> **PROBLEM STATEMENT**: Exact copies of all the records below should be returned.

Collected data:
--------------------

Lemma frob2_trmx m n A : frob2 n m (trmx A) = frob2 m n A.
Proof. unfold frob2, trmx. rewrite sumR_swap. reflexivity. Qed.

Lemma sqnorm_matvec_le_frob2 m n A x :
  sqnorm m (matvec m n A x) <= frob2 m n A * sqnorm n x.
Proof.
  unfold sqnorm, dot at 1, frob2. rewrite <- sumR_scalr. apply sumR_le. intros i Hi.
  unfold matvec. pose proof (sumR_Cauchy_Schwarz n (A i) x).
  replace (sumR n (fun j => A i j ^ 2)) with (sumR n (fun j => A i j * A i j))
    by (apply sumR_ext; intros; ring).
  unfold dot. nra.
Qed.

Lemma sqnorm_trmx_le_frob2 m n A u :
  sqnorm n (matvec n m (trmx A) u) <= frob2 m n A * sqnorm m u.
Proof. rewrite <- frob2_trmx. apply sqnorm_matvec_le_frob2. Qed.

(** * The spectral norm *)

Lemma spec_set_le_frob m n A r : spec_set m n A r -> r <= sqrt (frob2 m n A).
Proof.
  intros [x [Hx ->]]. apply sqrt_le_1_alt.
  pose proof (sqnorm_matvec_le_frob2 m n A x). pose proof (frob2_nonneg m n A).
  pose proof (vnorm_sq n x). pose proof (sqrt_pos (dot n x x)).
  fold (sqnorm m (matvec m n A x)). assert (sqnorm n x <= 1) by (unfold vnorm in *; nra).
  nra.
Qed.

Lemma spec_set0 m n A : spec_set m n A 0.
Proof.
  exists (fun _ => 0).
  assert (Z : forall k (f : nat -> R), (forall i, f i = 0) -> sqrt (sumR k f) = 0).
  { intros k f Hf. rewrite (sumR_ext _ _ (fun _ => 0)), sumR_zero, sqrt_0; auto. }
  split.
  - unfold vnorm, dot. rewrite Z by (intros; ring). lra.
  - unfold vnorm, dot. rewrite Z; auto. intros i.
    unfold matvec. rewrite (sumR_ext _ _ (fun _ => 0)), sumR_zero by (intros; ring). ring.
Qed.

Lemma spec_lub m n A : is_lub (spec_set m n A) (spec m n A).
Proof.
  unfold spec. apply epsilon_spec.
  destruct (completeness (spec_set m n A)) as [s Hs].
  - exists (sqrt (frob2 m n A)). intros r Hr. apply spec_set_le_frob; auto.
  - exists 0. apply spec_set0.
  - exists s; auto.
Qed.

--------------------

> **RESULT OF THIS TASK**:
Lemma frob2_trmx m n A : frob2 n m (trmx A) = frob2 m n A.
Proof. unfold frob2, trmx. rewrite sumR_swap. reflexivity. Qed.

Lemma sqnorm_matvec_le_frob2 m n A x :
  sqnorm m (matvec m n A x) <= frob2 m n A * sqnorm n x.
Proof.
  unfold sqnorm, dot at 1, frob2. rewrite <- sumR_scalr. apply sumR_le. intros i Hi.
  unfold matvec. pose proof (sumR_Cauchy_Schwarz n (A i) x).
  replace (sumR n (fun j => A i j ^ 2)) with (sumR n (fun j => A i j * A i j))
    by (apply sumR_ext; intros; ring).
  unfold dot. nra.
Qed.

Lemma sqnorm_trmx_le_frob2 m n A u :
  sqnorm n (matvec n m (trmx A) u) <= frob2 m n A * sqnorm m u.
Proof. rewrite <- frob2_trmx. apply sqnorm_matvec_le_frob2. Qed.

(** * The spectral norm *)

Lemma spec_set_le_frob m n A r : spec_set m n A r -> r <= sqrt (frob2 m n A).
Proof.
  intros [x [Hx ->]]. apply sqrt_le_1_alt.
  pose proof (sqnorm_matvec_le_frob2 m n A x). pose proof (frob2_nonneg m n A).
  pose proof (vnorm_sq n x). pose proof (sqrt_pos (dot n x x)).
  fold (sqnorm m (matvec m n A x)). assert (sqnorm n x <= 1) by (unfold vnorm in *; nra).
  nra.
Qed.

Lemma spec_set0 m n A : spec_set m n A 0.
Proof.
  exists (fun _ => 0).
  assert (Z : forall k (f : nat -> R), (forall i, f i = 0) -> sqrt (sumR k f) = 0).
  { intros k f Hf. rewrite (sumR_ext _ _ (fun _ => 0)), sumR_zero, sqrt_0; auto. }
  split.
  - unfold vnorm, dot. rewrite Z by (intros; ring). lra.
  - unfold vnorm, dot. rewrite Z; auto. intros i.
    unfold matvec. rewrite (sumR_ext _ _ (fun _ => 0)), sumR_zero by (intros; ring). ring.
Qed.

Lemma spec_lub m n A : is_lub (spec_set m n A) (spec m n A).
Proof.
  unfold spec. apply epsilon_spec.
  destruct (completeness (spec_set m n A)) as [s Hs].
  - exists (sqrt (frob2 m n A)). intros r Hr. apply spec_set_le_frob; auto.
  - exists 0. apply spec_set0.
  - exists s; auto.
Qed.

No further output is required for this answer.